Better yet, perhaps Fstoppers would be best served if it avoided the presidential political theater that often thrives on raw emotion before the facts and logic catch up. Seems to me that there are plenty of politically charged stories about the Party of the Mirrors vs. the Party of the Mirrorless fueled by lobbyists from Canon, Nikon, and Sony that only Fstoppers can truly explore.

[Edited some horrendous spelling errors…where are those squiggly red underscores when you need them?]

Garth, Hopefully Fstoppers will continue to publish stories like this one so more people, and possibly you, can learn about the purpose and benefits of photojournalism. John Moore's work tells the story of asylum seekers and U.S. border agents at the Southwest border. Moore and Getty Images did not seek to anger anyone. It's called reporting. People who support Mr. Trump, John Kelly, Stephen Miller, Kirstjen Nielsen and Jeff Sessions may actually celebrate John Moore's moving images and cheer for more.
It has not been reported that the mother and toddler were separated but that is a safe assumption. Did you see the pictures of the toddlers shoe laces being removed, the mother in handcuffs, the pictures of children contained by fencing in buildings away from their parents ?

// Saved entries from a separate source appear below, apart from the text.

Lemma herm_form2_cs (A B g : algC) : 0 <= A -> 0 <= B ->
  (forall a b, 0 <= a * a^* * A + a * b^* * g + b * a^* * g^* + b * b^* * B) ->
  `|g| ^+ 2 <= A * B.
Proof.
move=> A_ge0 B_ge0 form_ge0; rewrite normCK.
have A_conj := geC0_conj A_ge0; have B_conj := geC0_conj B_ge0.
have [B_gt0|] := boolP (0 < B).
  have := form_ge0 B (- g); rewrite !rmorphN /= B_conj => H.
  rewrite -subr_ge0 -(pmulr_rge0 _ B_gt0).
  by have -> : B * (A * B - g * g^*) =
    B * B * A + B * - g^* * g + - g * B * g^* + - g * - g^* * B by ring.
rewrite lt_def negb_and negbK B_ge0 orbF => /eqP B0.
have [A_gt0|] := boolP (0 < A).
  have := form_ge0 (- g^*) A; rewrite !rmorphN /= conjCK A_conj => H.
  rewrite -subr_ge0 -(pmulr_rge0 _ A_gt0).
  by have -> : A * (A * B - g * g^*) =
    - g^* * - g * A + - g^* * A * g + A * - g * g^* + A * A * B by ring.
rewrite lt_def negb_and negbK A_ge0 orbF => /eqP A0; subst A B.
have := form_ge0 1 (- g); rewrite !rmorphN /= conjC1 => H.
have : 0 <= - (g * g^*) *+ 2.
  by have -> : - (g * g^*) *+ 2 =
    1 * 1 * 0 + 1 * - g^* * g + - g * 1 * g^* + - g * - g^* * 0 by ring.
by rewrite pmulrn_lge0 // oppr_ge0 mulr0.
Qed.

Definition trform {d L} (S : 'M[algC]_d) (u w : 'M[algC]_(L, d)) : algC :=
  \tr (u *m S *m adjmx w).

Section TraceForm.

Context (d L : nat) (S : 'M[algC]_d) (S_psd : psdmx S).

Lemma trform_ge0 (u : 'M[algC]_(L, d)) : 0 <= trform S u u.
Proof.
apply: sumr_ge0 => l _; set v := \col_a (u l a)^*.
have -> : (u *m S *m adjmx u) l l = (adjmx v *m S *m v) 0 0.
  rewrite !mxE; apply: eq_bigr => a _; rewrite !mxE; congr (_ * _).
  by apply: eq_bigr => b _; rewrite !mxE conjCK.
exact: S_psd.2.
Qed.

Lemma trform_conj (u w : 'M[algC]_(L, d)) : trform S w u = (trform S u w)^*.
Proof. by rewrite /trform -mxtrace_adjmx !adjmxM adjmxK -S_psd.1 mulmxA. Qed.

Lemma trform_expand (u w : 'M[algC]_(L, d)) a b :
  trform S (a *: u + b *: w) (a *: u + b *: w) =
  a * a^* * trform S u u + a * b^* * trform S u w + b * a^* * trform S w u
  + b * b^* * trform S w w.
Proof.
rewrite /trform adjmxD !adjmxZ !mulmxDl !mulmxDr !linearD /=.
rewrite -!scalemxAr -!scalemxAl !mxtraceZ; ring.
Qed.

Lemma trform_cs (u w : 'M[algC]_(L, d)) :
  `|trform S u w| ^+ 2 <= trform S u u * trform S w w.
Proof.
apply: herm_form2_cs; rewrite ?trform_ge0 // => a b.
by rewrite -trform_conj -trform_expand trform_ge0.
Qed.

End TraceForm.

Definition mxslice {d L N} (M : 'M[algC]_(d * L, d * N)) (i : 'I_d) (b : 'I_N) :
  'M[algC]_(L, d) := \matrix_(l, a) M (mxtens_index (i, l)) (mxtens_index (a, b)).

Lemma ptrace2_conj_kronE d L N (M : 'M[algC]_(d * L, d * N)) (S : 'M[algC]_d)
    (rho : 'M[algC]_N) i j :
  ptrace2 (M *m kron S rho *m adjmx M) i j =
  \sum_b \sum_c trform S (mxslice M i b) (mxslice M j c) * rho b c.
Proof.
(* Both sides are sums over l, c, a', b, a of
   M (i, l) (a, b) * S a a' * rho b c * conj (M (j, l) (a', c));
   the indices are peeled off in that order. *)
under [RHS]eq_bigr => b _ do under eq_bigr => c _ do rewrite mulr_suml.
rewrite mxE exchange_big; under [RHS]eq_bigr => c _ do rewrite exchange_big.
rewrite exchange_big /=; apply: eq_bigr => l _.
rewrite mxE big_mxtens_index exchange_big; apply: eq_bigr => c _.
under eq_bigr => a' _ do rewrite !mxE big_mxtens_index mulr_suml.
under [RHS]eq_bigr => b _ do rewrite mxE mulr_suml.
rewrite [RHS]exchange_big; apply: eq_bigr => a' _.
under [LHS]eq_bigr => a _ do rewrite mulr_suml.
rewrite exchange_big; apply: eq_bigr => b _.
rewrite mxE !mulr_suml; apply: eq_bigr => a _.
by rewrite /kron tensmxE !mxE; ring.
Qed.

Lemma mxtrace_ptrace2 p q (A : 'M[algC]_(p * q)) : \tr (ptrace2 A) = \tr A.
Proof. by rewrite /mxtrace [RHS]big_mxtens_index; apply: eq_bigr => i _; rewrite mxE. Qed.

Lemma sum_trform_mxslice d L N (M : 'M[algC]_(d * L, d * N)) (S : 'M[algC]_d) :
  \sum_i \sum_b trform S (mxslice M i b) (mxslice M i b) =
  \tr (adjmx M *m M *m kron S (1%:M : 'M[algC]_N)).
Proof.
rewrite -mulmxA mxtrace_mulC -mxtrace_ptrace2; apply: eq_bigr => i _.
rewrite ptrace2_conj_kronE; apply: eq_bigr => b _.
by under eq_bigr => c _ do rewrite mxE; rewrite sum_mul_delta.
Qed.

Section PauliAverage.

Context {k n m : nat} (M : 'M[algC]_(2 ^ k * 2 ^ (n + m), 2 ^ k * 2 ^ n)).
Context (Sigma : 'M[algC]_(2 ^ k)) (Sigma_psd : psdmx Sigma).

Let g i j b c := trform Sigma (mxslice M i b) (mxslice M j c).
Let T := \tr (adjmx M *m M *m kron Sigma (1%:M : 'M[algC]_(2 ^ n))).
Let X s := Amap M Sigma (rho_mm n) - Amap M Sigma (rho_P s).

Lemma Amap_diff_entry s i j :
  X s i j = - 2 ^- n * \sum_b \sum_c g i j b c * pauli s b c.
Proof.
have subE (A B : 'M[algC]_(2 ^ k)) : (A - B) i j = A i j - B i j by rewrite !mxE.
rewrite subE /Amap !ptrace2_conj_kronE -sumrB mulr_sumr; apply: eq_bigr => b _.
rewrite -sumrB mulr_sumr; apply: eq_bigr => c _.
by rewrite /rho_mm /rho_P !mxE; ring.
Qed.

Lemma sum_sqr_norm_trform_le :
  \sum_i \sum_j \sum_b \sum_c `|g i j b c| ^+ 2 <= T ^+ 2.
Proof.
rewrite /T -sum_trform_mxslice expr2 big_distrlr /=.
apply: ler_sum => i _; apply: ler_sum => j _; rewrite big_distrlr /=.
apply: ler_sum => b _; apply: ler_sum => c _.
exact: trform_cs.
Qed.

You want CNN to show empathy to the President and his administration ?
That's not the network's role. I bet you can easily access Fox News and Sinclair Broadcasting outlets daily if that is what you seek.

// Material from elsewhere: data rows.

(* Let $n\ge2$ and $1\le m\le n-1$ be integers and let $\alpha$ be real with $n-m<\alpha<m(n-m)$. Then for primes $p$ there exists a subset $G\subset G(n,n-m)$ such that $|G|\approx p^{\alpha}$ and for every $\xi\in\mathbb{F}_p^n\setminus\{0\}$, \[ |\{W\in G:\ \xi\in Per(W)\}|\lesssim |G|\,p^{-(n-m)}. \]
   Context: $\mathbb{F}_p$ is the field with $p$ elements and $G(n,k)$ is the set of all $k$-dimensional linear subspaces of $\mathbb{F}_p^n$. For a subspace $W$, $Per(W)=\{x\in\mathbb{F}_p^n:\ x\cdot w=0\ \text{for all } w\in W\}$ with $x\cdot w=\sum_i x_iw_i$. $|J|$ denotes cardinality. $f\lesssim g$ means $f\le Cg$ with $C$ independent of $p$ and $\xi$; $f\approx g$ means $f\lesssim g$ and $g\lesssim f$. *)

From mathcomp Require Import all_boot all_algebra.
From Stdlib Require Import Reals.
Set Implicit Arguments. Unset Strict Implicit. Unset Printing Implicit Defensive.
Import GRing.Theory.

Local Open Scope ring_scope.

Definition dotv (p n : nat) (x w : 'rV['F_p]_n) : 'F_p :=
  \sum_(i < n) x 0 i * w 0 i.

Definition inPer (p n : nat) (W : {vspace 'rV['F_p]_n}) (xi : 'rV['F_p]_n) : bool :=
  [forall w : 'rV['F_p]_n, (w \in W) ==> (dotv xi w == 0)].

(* G is a (finite, duplicate-free list representing a) subset of G(n,k). *)
Definition subset_Grass (p n k : nat) (G : seq {vspace 'rV['F_p]_n}) : Prop :=
  uniq G /\ all (fun W => \dim W == k)%N G.

Definition count_Per (p n : nat) (G : seq {vspace 'rV['F_p]_n}) (xi : 'rV['F_p]_n) : nat :=
  count (fun W => inPer W xi) G.

(* Write n = k + m.  The graph W_A = {(u, u A)} of a k x m matrix A is a
   k-dimensional subspace, and (a, b) is perpendicular to W_A iff
   a_i + b . A_i = 0 for every row i; for a nonzero (a, b) this forces b <> 0.
   Choosing the rows A_i independently in a set Phi of F_p^m, the number of graphs
   perpendicular to (a, b) is the product over i of the sizes of the affine
   hyperplane sections {x in Phi | b . x = - a_i}.  So it suffices to find Phi with
   |Phi|^k ~ p^alpha whose hyperplane sections all have size <= m |Phi| / p.
   Writing alpha / k = j + gamma with 1 <= j < m and 0 <= gamma < 1, take
   N = floor (p^gamma) and Phi the image of E x F_p, |E| = p^(j-1) N, under
   (w, s) |-> (s, s^2, ..., s^m) + (0, psi w) for an injection psi of E into
   F_p^(m-1): for fixed w a hyperplane equation becomes a nonzero polynomial
   equation of degree <= m in s. *)

From mathcomp Require Import all_boot all_algebra zify.
Set Implicit Arguments. Unset Strict Implicit. Unset Printing Implicit Defensive.
Import GRing.Theory.

Lemma card_prod_le_fibers (A B : finType) (P : pred (A * B)) (L : nat) :
  (forall a, #|[pred b | P (a, b)]| <= L) -> #|P| <= #|A| * L.
Proof.
move=> hL; rewrite -sum_nat_const -sum1_card.
rewrite (eq_bigl (fun x => xpredT x.1 && P (x.1, x.2))); last by case.
rewrite -(pair_big_dep xpredT (fun a b => P (a, b)) (fun _ _ => 1)) /=.
by apply: leq_sum => a _; rewrite sum1_card; apply: hL.
Qed.

Section MomentCurve.
Local Open Scope ring_scope.
Variables (F : finFieldType) (n : nat) (E : finType) (psi : E -> 'rV[F]_n).
Hypothesis psi_inj : injective psi.

Lemma card_root_lt_size (q : {poly F}) :
  q != 0 -> (#|[pred s | root q s]| < size q)%N.
Proof.
move=> q0; rewrite cardE; apply: max_poly_roots q0 _ (enum_uniq _).
by apply/allP => s; rewrite mem_enum.
Qed.

Definition moment_row (s : F) : 'rV[F]_(1 + n) := \row_(l < 1 + n) s ^+ l.+1.

Definition curve_point (d : E * F) : 'rV[F]_(1 + n) :=
  moment_row d.2 + row_mx (0 : 'rV[F]_1) (psi d.1).

Lemma curve_point_inj : injective curve_point.
Proof.
have curve_point_rshift d l :
    curve_point d 0 (rshift 1 l) = d.2 ^+ l.+2 + psi d.1 0 l.
  by rewrite [LHS]mxE row_mxEr mxE.
move=> [w s] [w' s'] /rowP eq_ww'.
have es : s = s'.
  have := eq_ww' (lshift n 0); rewrite !mxE !(unsplitK (inl _ _)) /= !mxE.
  by rewrite !addr0 !expr1.
subst s'; congr pair; apply: psi_inj; apply/rowP => l.
by have := eq_ww' (rshift 1 l); rewrite !curve_point_rshift => /addrI.
Qed.

Section Slice.
Variables (b : 'rV[F]_(1 + n)) (c : F) (w : E).

Definition slice_poly : {poly F} :=
  rVpoly b * 'X + (\sum_l b 0 l * row_mx (0 : 'rV[F]_1) (psi w) 0 l - c)%:P.

Lemma root_slice_poly s :
  root slice_poly s = (\sum_l b 0 l * curve_point (w, s) 0 l == c).
Proof.
rewrite /root hornerMXaddC (horner_coef_wide _ (size_poly _ _)) big_distrl addrA.
rewrite -big_split /= subr_eq0; congr (_ == _); apply: eq_bigr => l _.
by rewrite coef_rVpoly_ord !mxE -mulrA -exprSr mulrDr.
Qed.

So much of what we know about the world and the human condition we've learned from photojournalism.

And how much of that photojournalism involved photos that were fraudulently exploited for a cause?

All too often, it’s all about the production and the packaging of the photo – not the facts. Mike Rowe from Dirty Jobs and Deadliest Catch has pointed out that stories are told from the production of the images. Producers have a story that they want to tell and package the images to tell it. But, this packaging may not be a true representation of the facts surrounding the images. If they wanted Deadliest Catch to be a comedy, they could have done so.

There’s a famous photo of a polar bear “helplessly trapped” on floating ice that became the poster bear for global warming. The fact that it swam to the mainland after the photo was taken tells a different story about being trapped.

CNN wants you to assume that this child was separated from its mother without cause and used this photo to stir the perception that all children are separated without cause. (There are cases where the familial relationship between child and accompanying adult is in question and separation is warranted for the safety of the child.) I want CNN and other “news” organizations to show empathy for the truth, regardless who is in office. There are numerous photos of children “caged” at the border under the previous administration. Were these photos given the same attention by CNN – or Fstoppers?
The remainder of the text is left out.